*** Opening of Material to process ***

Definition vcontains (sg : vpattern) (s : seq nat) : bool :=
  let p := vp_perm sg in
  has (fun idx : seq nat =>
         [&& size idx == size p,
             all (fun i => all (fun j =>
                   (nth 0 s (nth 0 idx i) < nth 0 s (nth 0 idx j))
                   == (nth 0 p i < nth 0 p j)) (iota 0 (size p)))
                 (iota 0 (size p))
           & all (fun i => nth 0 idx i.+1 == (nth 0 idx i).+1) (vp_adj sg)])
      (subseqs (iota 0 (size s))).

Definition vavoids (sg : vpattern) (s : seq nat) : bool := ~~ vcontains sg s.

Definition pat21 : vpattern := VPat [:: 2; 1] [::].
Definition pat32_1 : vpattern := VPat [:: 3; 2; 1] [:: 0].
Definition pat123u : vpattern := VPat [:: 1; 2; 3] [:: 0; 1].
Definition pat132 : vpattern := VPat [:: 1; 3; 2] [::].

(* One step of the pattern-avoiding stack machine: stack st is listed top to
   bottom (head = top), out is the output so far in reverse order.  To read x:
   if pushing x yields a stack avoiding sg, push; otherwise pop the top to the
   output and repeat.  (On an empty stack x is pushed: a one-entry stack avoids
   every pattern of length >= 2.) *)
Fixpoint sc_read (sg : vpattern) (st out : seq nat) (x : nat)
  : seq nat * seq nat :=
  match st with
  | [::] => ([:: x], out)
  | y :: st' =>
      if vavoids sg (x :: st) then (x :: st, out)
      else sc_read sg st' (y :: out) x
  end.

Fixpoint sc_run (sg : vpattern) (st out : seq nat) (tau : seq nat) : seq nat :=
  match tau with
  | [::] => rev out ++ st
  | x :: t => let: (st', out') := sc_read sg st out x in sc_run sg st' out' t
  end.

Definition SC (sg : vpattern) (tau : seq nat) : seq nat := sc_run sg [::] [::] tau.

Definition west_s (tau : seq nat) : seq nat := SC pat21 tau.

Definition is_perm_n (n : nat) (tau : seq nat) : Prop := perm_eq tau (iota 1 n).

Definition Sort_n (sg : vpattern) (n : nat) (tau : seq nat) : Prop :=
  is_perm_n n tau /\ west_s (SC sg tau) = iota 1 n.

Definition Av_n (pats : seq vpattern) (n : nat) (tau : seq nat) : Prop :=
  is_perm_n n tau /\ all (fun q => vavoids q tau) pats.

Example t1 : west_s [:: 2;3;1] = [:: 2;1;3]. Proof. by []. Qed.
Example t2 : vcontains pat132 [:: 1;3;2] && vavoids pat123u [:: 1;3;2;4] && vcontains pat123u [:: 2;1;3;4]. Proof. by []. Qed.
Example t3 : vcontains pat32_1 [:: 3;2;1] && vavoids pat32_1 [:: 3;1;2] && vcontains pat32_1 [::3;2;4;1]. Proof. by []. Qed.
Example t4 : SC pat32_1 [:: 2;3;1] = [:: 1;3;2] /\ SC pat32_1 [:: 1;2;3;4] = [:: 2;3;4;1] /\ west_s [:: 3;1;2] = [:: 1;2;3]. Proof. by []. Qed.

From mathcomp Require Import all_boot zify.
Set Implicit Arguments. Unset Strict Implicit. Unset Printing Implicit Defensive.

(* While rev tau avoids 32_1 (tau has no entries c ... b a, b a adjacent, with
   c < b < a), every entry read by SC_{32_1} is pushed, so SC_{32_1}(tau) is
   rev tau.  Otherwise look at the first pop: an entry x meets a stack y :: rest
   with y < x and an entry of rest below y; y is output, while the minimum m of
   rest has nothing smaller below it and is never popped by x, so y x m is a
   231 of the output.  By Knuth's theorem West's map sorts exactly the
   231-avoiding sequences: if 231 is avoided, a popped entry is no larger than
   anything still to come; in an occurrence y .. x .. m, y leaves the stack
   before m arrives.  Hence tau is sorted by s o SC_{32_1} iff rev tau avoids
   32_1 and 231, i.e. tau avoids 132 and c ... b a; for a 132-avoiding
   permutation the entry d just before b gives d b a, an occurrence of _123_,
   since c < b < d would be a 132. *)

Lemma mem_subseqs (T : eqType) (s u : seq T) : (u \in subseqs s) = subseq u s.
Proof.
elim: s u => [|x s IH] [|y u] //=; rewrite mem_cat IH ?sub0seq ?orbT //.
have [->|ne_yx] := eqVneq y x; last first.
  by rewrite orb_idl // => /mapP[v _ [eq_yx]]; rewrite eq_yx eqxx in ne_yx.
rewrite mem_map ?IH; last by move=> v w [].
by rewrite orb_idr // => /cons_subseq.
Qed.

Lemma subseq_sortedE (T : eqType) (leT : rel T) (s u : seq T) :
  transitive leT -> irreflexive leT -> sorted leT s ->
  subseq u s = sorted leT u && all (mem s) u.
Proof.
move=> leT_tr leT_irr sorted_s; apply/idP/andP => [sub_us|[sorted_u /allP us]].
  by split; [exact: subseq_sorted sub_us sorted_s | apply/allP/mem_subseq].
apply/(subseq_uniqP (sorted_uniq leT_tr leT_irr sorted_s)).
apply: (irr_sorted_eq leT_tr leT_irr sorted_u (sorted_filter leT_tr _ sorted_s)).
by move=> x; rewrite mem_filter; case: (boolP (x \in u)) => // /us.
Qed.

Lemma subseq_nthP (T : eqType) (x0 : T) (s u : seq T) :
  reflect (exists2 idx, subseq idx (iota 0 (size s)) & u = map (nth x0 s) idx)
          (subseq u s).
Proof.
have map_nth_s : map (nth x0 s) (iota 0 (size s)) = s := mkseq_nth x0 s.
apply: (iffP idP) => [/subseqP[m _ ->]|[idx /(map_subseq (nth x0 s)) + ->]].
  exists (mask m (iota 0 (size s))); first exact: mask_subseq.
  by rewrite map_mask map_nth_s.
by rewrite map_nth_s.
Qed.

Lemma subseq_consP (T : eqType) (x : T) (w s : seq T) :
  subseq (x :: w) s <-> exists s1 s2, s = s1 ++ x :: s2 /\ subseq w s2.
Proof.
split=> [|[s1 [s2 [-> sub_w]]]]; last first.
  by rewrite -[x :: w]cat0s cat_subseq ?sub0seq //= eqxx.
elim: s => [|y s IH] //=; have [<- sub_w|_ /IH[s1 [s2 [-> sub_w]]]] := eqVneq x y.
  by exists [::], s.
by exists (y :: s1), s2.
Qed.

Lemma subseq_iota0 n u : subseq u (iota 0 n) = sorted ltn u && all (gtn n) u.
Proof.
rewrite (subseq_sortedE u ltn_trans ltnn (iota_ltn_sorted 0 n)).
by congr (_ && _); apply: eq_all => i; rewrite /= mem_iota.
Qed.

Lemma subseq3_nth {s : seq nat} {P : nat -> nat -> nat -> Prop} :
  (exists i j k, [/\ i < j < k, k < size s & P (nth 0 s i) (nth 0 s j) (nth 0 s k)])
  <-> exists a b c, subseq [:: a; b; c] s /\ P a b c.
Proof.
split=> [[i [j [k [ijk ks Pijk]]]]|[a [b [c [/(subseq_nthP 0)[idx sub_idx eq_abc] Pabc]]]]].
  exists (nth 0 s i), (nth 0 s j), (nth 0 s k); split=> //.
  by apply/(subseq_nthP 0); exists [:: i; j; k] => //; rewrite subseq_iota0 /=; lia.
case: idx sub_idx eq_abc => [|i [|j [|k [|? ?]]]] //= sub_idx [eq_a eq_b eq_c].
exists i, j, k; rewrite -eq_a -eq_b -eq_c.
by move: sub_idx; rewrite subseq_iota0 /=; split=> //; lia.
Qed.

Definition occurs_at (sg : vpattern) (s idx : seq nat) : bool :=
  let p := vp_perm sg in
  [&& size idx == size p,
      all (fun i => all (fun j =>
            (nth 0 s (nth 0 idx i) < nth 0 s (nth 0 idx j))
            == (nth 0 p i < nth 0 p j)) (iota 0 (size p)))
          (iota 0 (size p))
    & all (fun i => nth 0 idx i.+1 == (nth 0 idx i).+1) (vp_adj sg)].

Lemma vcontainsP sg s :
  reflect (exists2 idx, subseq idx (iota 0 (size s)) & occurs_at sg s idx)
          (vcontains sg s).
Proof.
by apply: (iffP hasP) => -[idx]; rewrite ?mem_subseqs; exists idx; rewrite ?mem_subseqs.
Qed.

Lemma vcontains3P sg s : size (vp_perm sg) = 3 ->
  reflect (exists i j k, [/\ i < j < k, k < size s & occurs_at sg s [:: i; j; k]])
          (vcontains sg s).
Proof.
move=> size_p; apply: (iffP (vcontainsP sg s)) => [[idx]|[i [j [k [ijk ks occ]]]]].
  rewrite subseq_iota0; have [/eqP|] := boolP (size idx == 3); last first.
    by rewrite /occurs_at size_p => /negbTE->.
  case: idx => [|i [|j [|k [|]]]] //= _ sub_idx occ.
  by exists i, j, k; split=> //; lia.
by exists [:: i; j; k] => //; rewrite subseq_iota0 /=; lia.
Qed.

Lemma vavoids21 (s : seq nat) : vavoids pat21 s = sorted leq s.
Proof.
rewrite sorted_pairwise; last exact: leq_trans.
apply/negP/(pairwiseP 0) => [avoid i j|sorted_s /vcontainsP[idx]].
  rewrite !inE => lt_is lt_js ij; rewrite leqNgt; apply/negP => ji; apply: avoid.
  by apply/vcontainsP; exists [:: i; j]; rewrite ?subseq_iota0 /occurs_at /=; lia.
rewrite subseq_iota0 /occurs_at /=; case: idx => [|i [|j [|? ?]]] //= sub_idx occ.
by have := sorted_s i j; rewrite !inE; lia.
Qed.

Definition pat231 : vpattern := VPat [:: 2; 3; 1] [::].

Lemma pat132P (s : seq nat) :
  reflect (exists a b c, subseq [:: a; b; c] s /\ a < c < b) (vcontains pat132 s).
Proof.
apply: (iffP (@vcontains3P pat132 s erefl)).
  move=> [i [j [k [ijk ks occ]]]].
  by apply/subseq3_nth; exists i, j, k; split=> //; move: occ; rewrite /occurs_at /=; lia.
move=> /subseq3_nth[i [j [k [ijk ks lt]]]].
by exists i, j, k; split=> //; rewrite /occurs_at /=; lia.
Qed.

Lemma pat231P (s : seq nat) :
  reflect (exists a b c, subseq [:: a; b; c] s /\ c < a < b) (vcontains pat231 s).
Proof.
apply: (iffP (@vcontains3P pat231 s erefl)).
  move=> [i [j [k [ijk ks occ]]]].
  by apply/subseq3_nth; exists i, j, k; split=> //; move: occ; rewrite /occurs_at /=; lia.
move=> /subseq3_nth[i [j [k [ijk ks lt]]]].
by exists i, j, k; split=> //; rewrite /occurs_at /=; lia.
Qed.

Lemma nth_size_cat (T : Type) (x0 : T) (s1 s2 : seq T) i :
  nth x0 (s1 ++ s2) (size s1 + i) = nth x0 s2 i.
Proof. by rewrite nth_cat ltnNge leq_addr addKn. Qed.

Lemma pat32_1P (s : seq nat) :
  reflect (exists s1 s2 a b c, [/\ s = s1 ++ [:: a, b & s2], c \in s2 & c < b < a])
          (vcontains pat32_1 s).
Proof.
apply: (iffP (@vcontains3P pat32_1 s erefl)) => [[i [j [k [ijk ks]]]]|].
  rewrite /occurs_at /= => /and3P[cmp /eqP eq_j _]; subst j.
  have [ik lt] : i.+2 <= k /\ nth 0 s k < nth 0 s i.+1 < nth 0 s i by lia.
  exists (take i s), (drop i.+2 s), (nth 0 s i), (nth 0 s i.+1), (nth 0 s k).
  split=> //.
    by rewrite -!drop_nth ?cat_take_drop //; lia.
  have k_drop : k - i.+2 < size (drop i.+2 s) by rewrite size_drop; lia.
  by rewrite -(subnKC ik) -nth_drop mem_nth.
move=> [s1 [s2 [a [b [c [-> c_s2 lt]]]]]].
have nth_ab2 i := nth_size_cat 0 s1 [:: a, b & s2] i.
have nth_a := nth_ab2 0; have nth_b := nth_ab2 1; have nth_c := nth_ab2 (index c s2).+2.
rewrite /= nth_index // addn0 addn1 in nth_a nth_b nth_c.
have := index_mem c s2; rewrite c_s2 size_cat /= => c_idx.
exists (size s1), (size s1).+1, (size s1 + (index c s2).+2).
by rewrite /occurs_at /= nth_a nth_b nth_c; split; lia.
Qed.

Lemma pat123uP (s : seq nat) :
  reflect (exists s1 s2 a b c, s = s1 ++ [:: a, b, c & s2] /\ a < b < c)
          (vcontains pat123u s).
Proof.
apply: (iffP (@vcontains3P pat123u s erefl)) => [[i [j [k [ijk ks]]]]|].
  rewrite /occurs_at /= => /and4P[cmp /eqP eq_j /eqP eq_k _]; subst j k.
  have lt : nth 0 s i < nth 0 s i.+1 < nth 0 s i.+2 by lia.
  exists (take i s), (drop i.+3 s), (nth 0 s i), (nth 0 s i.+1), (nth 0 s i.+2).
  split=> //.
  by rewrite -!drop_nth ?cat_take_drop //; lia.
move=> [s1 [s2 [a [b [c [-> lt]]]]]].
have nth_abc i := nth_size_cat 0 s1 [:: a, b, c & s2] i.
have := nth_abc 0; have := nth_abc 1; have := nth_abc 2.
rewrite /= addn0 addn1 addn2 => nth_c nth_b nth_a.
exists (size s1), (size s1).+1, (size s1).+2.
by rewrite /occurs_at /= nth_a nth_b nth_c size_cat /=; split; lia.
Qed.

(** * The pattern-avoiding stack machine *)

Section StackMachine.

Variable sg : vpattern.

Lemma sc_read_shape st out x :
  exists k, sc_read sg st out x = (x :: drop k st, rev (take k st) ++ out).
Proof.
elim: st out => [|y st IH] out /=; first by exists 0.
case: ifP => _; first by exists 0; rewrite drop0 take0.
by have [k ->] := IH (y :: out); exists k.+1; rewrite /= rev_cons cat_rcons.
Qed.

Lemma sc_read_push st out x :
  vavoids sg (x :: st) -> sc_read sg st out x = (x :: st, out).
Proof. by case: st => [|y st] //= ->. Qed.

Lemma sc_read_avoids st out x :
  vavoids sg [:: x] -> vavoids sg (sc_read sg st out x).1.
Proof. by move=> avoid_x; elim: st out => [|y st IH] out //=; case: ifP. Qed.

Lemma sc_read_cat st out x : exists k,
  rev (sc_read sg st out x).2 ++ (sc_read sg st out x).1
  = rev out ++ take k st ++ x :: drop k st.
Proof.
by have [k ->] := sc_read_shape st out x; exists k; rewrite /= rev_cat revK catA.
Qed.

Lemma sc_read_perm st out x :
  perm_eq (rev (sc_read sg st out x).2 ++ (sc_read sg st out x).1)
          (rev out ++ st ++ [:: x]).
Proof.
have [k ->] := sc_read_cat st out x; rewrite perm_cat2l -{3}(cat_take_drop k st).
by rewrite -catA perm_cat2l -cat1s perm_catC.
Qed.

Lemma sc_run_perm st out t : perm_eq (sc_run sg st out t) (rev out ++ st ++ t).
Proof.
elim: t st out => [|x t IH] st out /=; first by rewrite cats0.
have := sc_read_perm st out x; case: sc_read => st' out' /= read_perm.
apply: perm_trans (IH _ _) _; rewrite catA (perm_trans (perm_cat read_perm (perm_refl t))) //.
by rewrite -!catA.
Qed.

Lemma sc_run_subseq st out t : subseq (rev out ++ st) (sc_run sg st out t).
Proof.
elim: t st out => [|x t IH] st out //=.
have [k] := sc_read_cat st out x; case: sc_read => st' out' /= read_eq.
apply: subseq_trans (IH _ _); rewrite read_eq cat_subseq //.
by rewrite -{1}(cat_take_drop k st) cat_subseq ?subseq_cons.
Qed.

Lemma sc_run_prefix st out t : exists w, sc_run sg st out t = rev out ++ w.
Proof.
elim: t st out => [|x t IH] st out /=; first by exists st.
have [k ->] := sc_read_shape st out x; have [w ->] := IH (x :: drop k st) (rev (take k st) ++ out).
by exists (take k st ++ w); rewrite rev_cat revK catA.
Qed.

*** Close of Material to process ***

→ Exercise aim:
Read through the lines above and collect those that contain the string "eqType".

→ Result below:
Lemma mem_subseqs (T : eqType) (s u : seq T) : (u \in subseqs s) = subseq u s.
Lemma subseq_sortedE (T : eqType) (leT : rel T) (s u : seq T) :
Lemma subseq_nthP (T : eqType) (x0 : T) (s u : seq T) :
Lemma subseq_consP (T : eqType) (x : T) (w s : seq T) :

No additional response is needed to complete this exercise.